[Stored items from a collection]
* * * * *

Lemma mul_cycle_partial_prod_ordS (i : 'I_k) : T i (ordS i) * p (ordS i) = p i.
Proof.
rewrite val_ordS; case: eqP => [iSk|_].
  rewrite cycle_partial_prod0 mulr1.
  have : p i * T i (ordS i) = 1.
    by rewrite -cycle_partial_prodS iSk -T_prod /p; apply: eq_bigl => j; rewrite ltn_ord.
  by move/(congr1 (fun x => p i * x)); rewrite mulrA -expr2 cycle_partial_prod_sqr mul1r mulr1.
by rewrite cycle_partial_prodS mulrCA -expr2 T_sqr mulr1.
Qed.

Lemma mul_cycle_partial_prod (i : 'I_k) : T i (ordS i) * p i = p (ordS i).
Proof.
by rewrite -(mul_cycle_partial_prod_ordS i) mulrA -expr2 T_sqr mul1r.
Qed.

(* The factor [p b] makes the first two rows the identity matrix. *)
Definition even_cycle_kernel : 'M[R]_(k, 2) :=
  \matrix_(j, b) if odd j == odd b then p j * p b else 0.

Lemma even_cycle_kernelP : T *m even_cycle_kernel = 0.
Proof.
apply/matrixP => i b; rewrite !mxE.
have Spred : ord_pred i != ordS i by rewrite eq_sym ordS_neq_ord_pred.
rewrite (bigD1 (ordS i)) // (bigD1 (ord_pred i)) //= big1 ?addr0; last first.
  move=> j /andP[jS jpred]; rewrite mxE.
  have [->|/T_support[jSi|iSj]] := eqVneq (T i j) 0; first by rewrite mul0r.
    by rewrite jSi eqxx in jS.
  by rewrite iSj ordSK eqxx in jpred.
rewrite !mxE odd_ordS_ord_pred //; case: ifP => _; last by rewrite !mulr0 addr0.
rewrite !mulrA mul_cycle_partial_prod_ordS TN -[X in T _ X](ord_predK i).
by rewrite mulNr mul_cycle_partial_prod ord_predK mulNr addrN.
Qed.

Lemma mxrank_even_cycle_kernel : \rank even_cycle_kernel = 2.
Proof.
apply/eqP; rewrite eqn_leq rank_leq_col /=.
have k_ge2 : (2 <= k)%N by apply: ltnW.
have <- : \rank (rowsub (widen_ord k_ge2) even_cycle_kernel) = 2.
  rewrite -[RHS](mxrank1 R 2); congr (\rank _).
  apply/matrixP => i j; rewrite !mxE /=.
  case: i j => [[|[|//]] ?] [[|[|//]] ?] //=; rewrite ?cycle_partial_prod0 ?mulr1 //.
  by rewrite -expr2 (cycle_partial_prod_sqr (Ordinal (ltnW k_gt2))).
exact/mxrankS/rowsub_sub.
Qed.

Lemma mxrank_even_cycle_mx : (\rank T <= k - 2)%N.
Proof.
have := mulmx0_rank_max even_cycle_kernelP; rewrite mxrank_even_cycle_kernel; lia.
Qed.

End EvenCycleMatrix.

Lemma next_nth_uniq (T : eqType) (s : seq T) (x0 : T) i :
  uniq s -> (i < size s)%N ->
  next s (nth x0 s i) = nth x0 s (if i.+1 == size s then 0 else i.+1).
Proof.
move=> s_uniq i_lt; rewrite next_nth mem_nth // index_uniq //.
case: s s_uniq i_lt => [//|y s'] _ /= i_lt.
case: eqP => /= iS; first by rewrite nth_default //; lia.
by apply: set_nth_default; lia.
Qed.

Section CycleOfGraph.
Variables (n : nat) (a : rel 'I_n) (c : seq 'I_n) (d : 'I_n).
Hypotheses (a_oriented : oriented a) (c_uniq : uniq c).
Hypothesis c_cycle : cycle (uedge a) c.
Hypothesis c_chordless : forall x y, x \in c -> y \in c -> uedge a x y ->
  (y == next c x) || (x == next c y).

Definition cycle_vertex (i : 'I_(size c)) : 'I_n := nth d c i.

Definition cycle_mx : 'M[rat]_(size c) :=
  mxsub cycle_vertex cycle_vertex (Defs.skew a).

Lemma codom_cycle_vertex x : (x \in codom cycle_vertex) = (x \in c).
Proof.
apply/codomP/idP => [[i ->]|xc]; first exact: mem_nth.
by exists (Ordinal (etrans (index_mem x c) xc)); rewrite /cycle_vertex nth_index.
Qed.

Lemma cycle_vertex_inj : injective cycle_vertex.
Proof. by move=> i j /eqP; rewrite nth_uniq // => /eqP /val_inj. Qed.

Lemma next_cycle_vertex i : next c (cycle_vertex i) = cycle_vertex (ordS i).
Proof. by rewrite /cycle_vertex next_nth_uniq // val_ordS. Qed.

Lemma cycle_mxN i j : cycle_mx j i = - cycle_mx i j.
Proof. by rewrite mxE [cycle_mx i j]mxE skewN. Qed.

Lemma cycle_mx_sqr i : cycle_mx i (ordS i) ^+ 2 = 1.
Proof.
by rewrite mxE -next_cycle_vertex skew_sqr // (next_cycle c_cycle) ?mem_nth.
Qed.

* * * * *

Every record should be repeated exactly; please leave none out.

Lemma mul_cycle_partial_prod_ordS (i : 'I_k) : T i (ordS i) * p (ordS i) = p i.
Proof.
rewrite val_ordS; case: eqP => [iSk|_].
  rewrite cycle_partial_prod0 mulr1.
  have : p i * T i (ordS i) = 1.
    by rewrite -cycle_partial_prodS iSk -T_prod /p; apply: eq_bigl => j; rewrite ltn_ord.
  by move/(congr1 (fun x => p i * x)); rewrite mulrA -expr2 cycle_partial_prod_sqr mul1r mulr1.
by rewrite cycle_partial_prodS mulrCA -expr2 T_sqr mulr1.
Qed.

Lemma mul_cycle_partial_prod (i : 'I_k) : T i (ordS i) * p i = p (ordS i).
Proof.
by rewrite -(mul_cycle_partial_prod_ordS i) mulrA -expr2 T_sqr mul1r.
Qed.

(* The factor [p b] makes the first two rows the identity matrix. *)
Definition even_cycle_kernel : 'M[R]_(k, 2) :=
  \matrix_(j, b) if odd j == odd b then p j * p b else 0.

Lemma even_cycle_kernelP : T *m even_cycle_kernel = 0.
Proof.
apply/matrixP => i b; rewrite !mxE.
have Spred : ord_pred i != ordS i by rewrite eq_sym ordS_neq_ord_pred.
rewrite (bigD1 (ordS i)) // (bigD1 (ord_pred i)) //= big1 ?addr0; last first.
  move=> j /andP[jS jpred]; rewrite mxE.
  have [->|/T_support[jSi|iSj]] := eqVneq (T i j) 0; first by rewrite mul0r.
    by rewrite jSi eqxx in jS.
  by rewrite iSj ordSK eqxx in jpred.
rewrite !mxE odd_ordS_ord_pred //; case: ifP => _; last by rewrite !mulr0 addr0.
rewrite !mulrA mul_cycle_partial_prod_ordS TN -[X in T _ X](ord_predK i).
by rewrite mulNr mul_cycle_partial_prod ord_predK mulNr addrN.
Qed.

Lemma mxrank_even_cycle_kernel : \rank even_cycle_kernel = 2.
Proof.
apply/eqP; rewrite eqn_leq rank_leq_col /=.
have k_ge2 : (2 <= k)%N by apply: ltnW.
have <- : \rank (rowsub (widen_ord k_ge2) even_cycle_kernel) = 2.
  rewrite -[RHS](mxrank1 R 2); congr (\rank _).
  apply/matrixP => i j; rewrite !mxE /=.
  case: i j => [[|[|//]] ?] [[|[|//]] ?] //=; rewrite ?cycle_partial_prod0 ?mulr1 //.
  by rewrite -expr2 (cycle_partial_prod_sqr (Ordinal (ltnW k_gt2))).
exact/mxrankS/rowsub_sub.
Qed.

Lemma mxrank_even_cycle_mx : (\rank T <= k - 2)%N.
Proof.
have := mulmx0_rank_max even_cycle_kernelP; rewrite mxrank_even_cycle_kernel; lia.
Qed.

End EvenCycleMatrix.

Lemma next_nth_uniq (T : eqType) (s : seq T) (x0 : T) i :
  uniq s -> (i < size s)%N ->
  next s (nth x0 s i) = nth x0 s (if i.+1 == size s then 0 else i.+1).
Proof.
move=> s_uniq i_lt; rewrite next_nth mem_nth // index_uniq //.
case: s s_uniq i_lt => [//|y s'] _ /= i_lt.
case: eqP => /= iS; first by rewrite nth_default //; lia.
by apply: set_nth_default; lia.
Qed.

Section CycleOfGraph.
Variables (n : nat) (a : rel 'I_n) (c : seq 'I_n) (d : 'I_n).
Hypotheses (a_oriented : oriented a) (c_uniq : uniq c).
Hypothesis c_cycle : cycle (uedge a) c.
Hypothesis c_chordless : forall x y, x \in c -> y \in c -> uedge a x y ->
  (y == next c x) || (x == next c y).

Definition cycle_vertex (i : 'I_(size c)) : 'I_n := nth d c i.

Definition cycle_mx : 'M[rat]_(size c) :=
  mxsub cycle_vertex cycle_vertex (Defs.skew a).

Lemma codom_cycle_vertex x : (x \in codom cycle_vertex) = (x \in c).
Proof.
apply/codomP/idP => [[i ->]|xc]; first exact: mem_nth.
by exists (Ordinal (etrans (index_mem x c) xc)); rewrite /cycle_vertex nth_index.
Qed.

Lemma cycle_vertex_inj : injective cycle_vertex.
Proof. by move=> i j /eqP; rewrite nth_uniq // => /eqP /val_inj. Qed.

Lemma next_cycle_vertex i : next c (cycle_vertex i) = cycle_vertex (ordS i).
Proof. by rewrite /cycle_vertex next_nth_uniq // val_ordS. Qed.

Lemma cycle_mxN i j : cycle_mx j i = - cycle_mx i j.
Proof. by rewrite mxE [cycle_mx i j]mxE skewN. Qed.

Lemma cycle_mx_sqr i : cycle_mx i (ordS i) ^+ 2 = 1.
Proof.
by rewrite mxE -next_cycle_vertex skew_sqr // (next_cycle c_cycle) ?mem_nth.
Qed.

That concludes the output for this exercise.